Stored items:
BEGIN

(* Let $s_\beta$ be the base phi sum of digits function, and let $I_\beta$, $C_\beta$, $D_\beta$ (indexed from $1$) be the increasing enumerations of the points of increase, constancy, and decrease of $s_\beta$, respectively. Then: (i) $I_\beta(1)=0$, and $\Delta I_\beta$ is the fixed point of the morphism on $\{1,2,4\}$ given by $1\mapsto12$, $2\mapsto4$, $4\mapsto1244$; (ii) $C_\beta(1)=2$, and $\Delta C_\beta$ is the image under the letter-to-letter projection $1\mapsto1$, $2\mapsto2$, $3\mapsto3$, $3'\mapsto3$, $4\mapsto4$ of the fixed point (starting with $2$) of the morphism on $\{1,2,3,3',4\}$ given by $1\mapsto43$, $2\mapsto21$, $3\mapsto21$, $3'\mapsto13'43$, $4\mapsto13'4$; (iii) $D_\beta(1)=6$, and $\Delta D_\beta$ is the shift by one (i.e. the word obtained by deleting the first letter) of the fixed point of the morphism on $\{2,4,5,7\}$ given by $2\mapsto542$, $4\mapsto542$, $5\mapsto7$, $7\mapsto7542$.
   Context: Let $\varphi=(1+\sqrt5)/2$. Every natural number $N$ can be written uniquely (ignoring leading and trailing zeros) as a finite sum $N=\sum_i d_i\varphi^i$ over integers $i$ (possibly negative), with $d_i\in\{0,1\}$ and no two consecutive digits both equal to $1$; $s_\beta(N)$ is the number of digits $1$, with $s_\beta(0)=0$. $N\ge0$ is a point of increase, constancy, or decrease of $s_\beta$ according as $s_\beta(N+1)-s_\beta(N)$ is $>0$, $=0$, or $<0$. For a sequence $V=(V(n))_{n\ge1}$, $\Delta V=(V(n+1)-V(n))_{n\ge1}$, viewed as an infinite word. The fixed point of a morphism $\mu$ starting with a letter $a$ (where $\mu(a)$ begins with $a$ and has length $\ge2$) is $\lim_n\mu^n(a)$; in (i) it starts with $1$, in (ii) with $2$, and in (iii) with $7$. *)

From Stdlib Require Import Reals ZArith List ClassicalEpsilon.
Import ListNotations.
Open Scope R_scope.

END

* _To do_
Every record above is to be transcribed exactly.

* _Exercise solution_
(* Let $s_\beta$ be the base phi sum of digits function, and let $I_\beta$, $C_\beta$, $D_\beta$ (indexed from $1$) be the increasing enumerations of the points of increase, constancy, and decrease of $s_\beta$, respectively. Then: (i) $I_\beta(1)=0$, and $\Delta I_\beta$ is the fixed point of the morphism on $\{1,2,4\}$ given by $1\mapsto12$, $2\mapsto4$, $4\mapsto1244$; (ii) $C_\beta(1)=2$, and $\Delta C_\beta$ is the image under the letter-to-letter projection $1\mapsto1$, $2\mapsto2$, $3\mapsto3$, $3'\mapsto3$, $4\mapsto4$ of the fixed point (starting with $2$) of the morphism on $\{1,2,3,3',4\}$ given by $1\mapsto43$, $2\mapsto21$, $3\mapsto21$, $3'\mapsto13'43$, $4\mapsto13'4$; (iii) $D_\beta(1)=6$, and $\Delta D_\beta$ is the shift by one (i.e. the word obtained by deleting the first letter) of the fixed point of the morphism on $\{2,4,5,7\}$ given by $2\mapsto542$, $4\mapsto542$, $5\mapsto7$, $7\mapsto7542$.
   Context: Let $\varphi=(1+\sqrt5)/2$. Every natural number $N$ can be written uniquely (ignoring leading and trailing zeros) as a finite sum $N=\sum_i d_i\varphi^i$ over integers $i$ (possibly negative), with $d_i\in\{0,1\}$ and no two consecutive digits both equal to $1$; $s_\beta(N)$ is the number of digits $1$, with $s_\beta(0)=0$. $N\ge0$ is a point of increase, constancy, or decrease of $s_\beta$ according as $s_\beta(N+1)-s_\beta(N)$ is $>0$, $=0$, or $<0$. For a sequence $V=(V(n))_{n\ge1}$, $\Delta V=(V(n+1)-V(n))_{n\ge1}$, viewed as an infinite word. The fixed point of a morphism $\mu$ starting with a letter $a$ (where $\mu(a)$ begins with $a$ and has length $\ge2$) is $\lim_n\mu^n(a)$; in (i) it starts with $1$, in (ii) with $2$, and in (iii) with $7$. *)

From Stdlib Require Import Reals ZArith List ClassicalEpsilon.
Import ListNotations.
Open Scope R_scope.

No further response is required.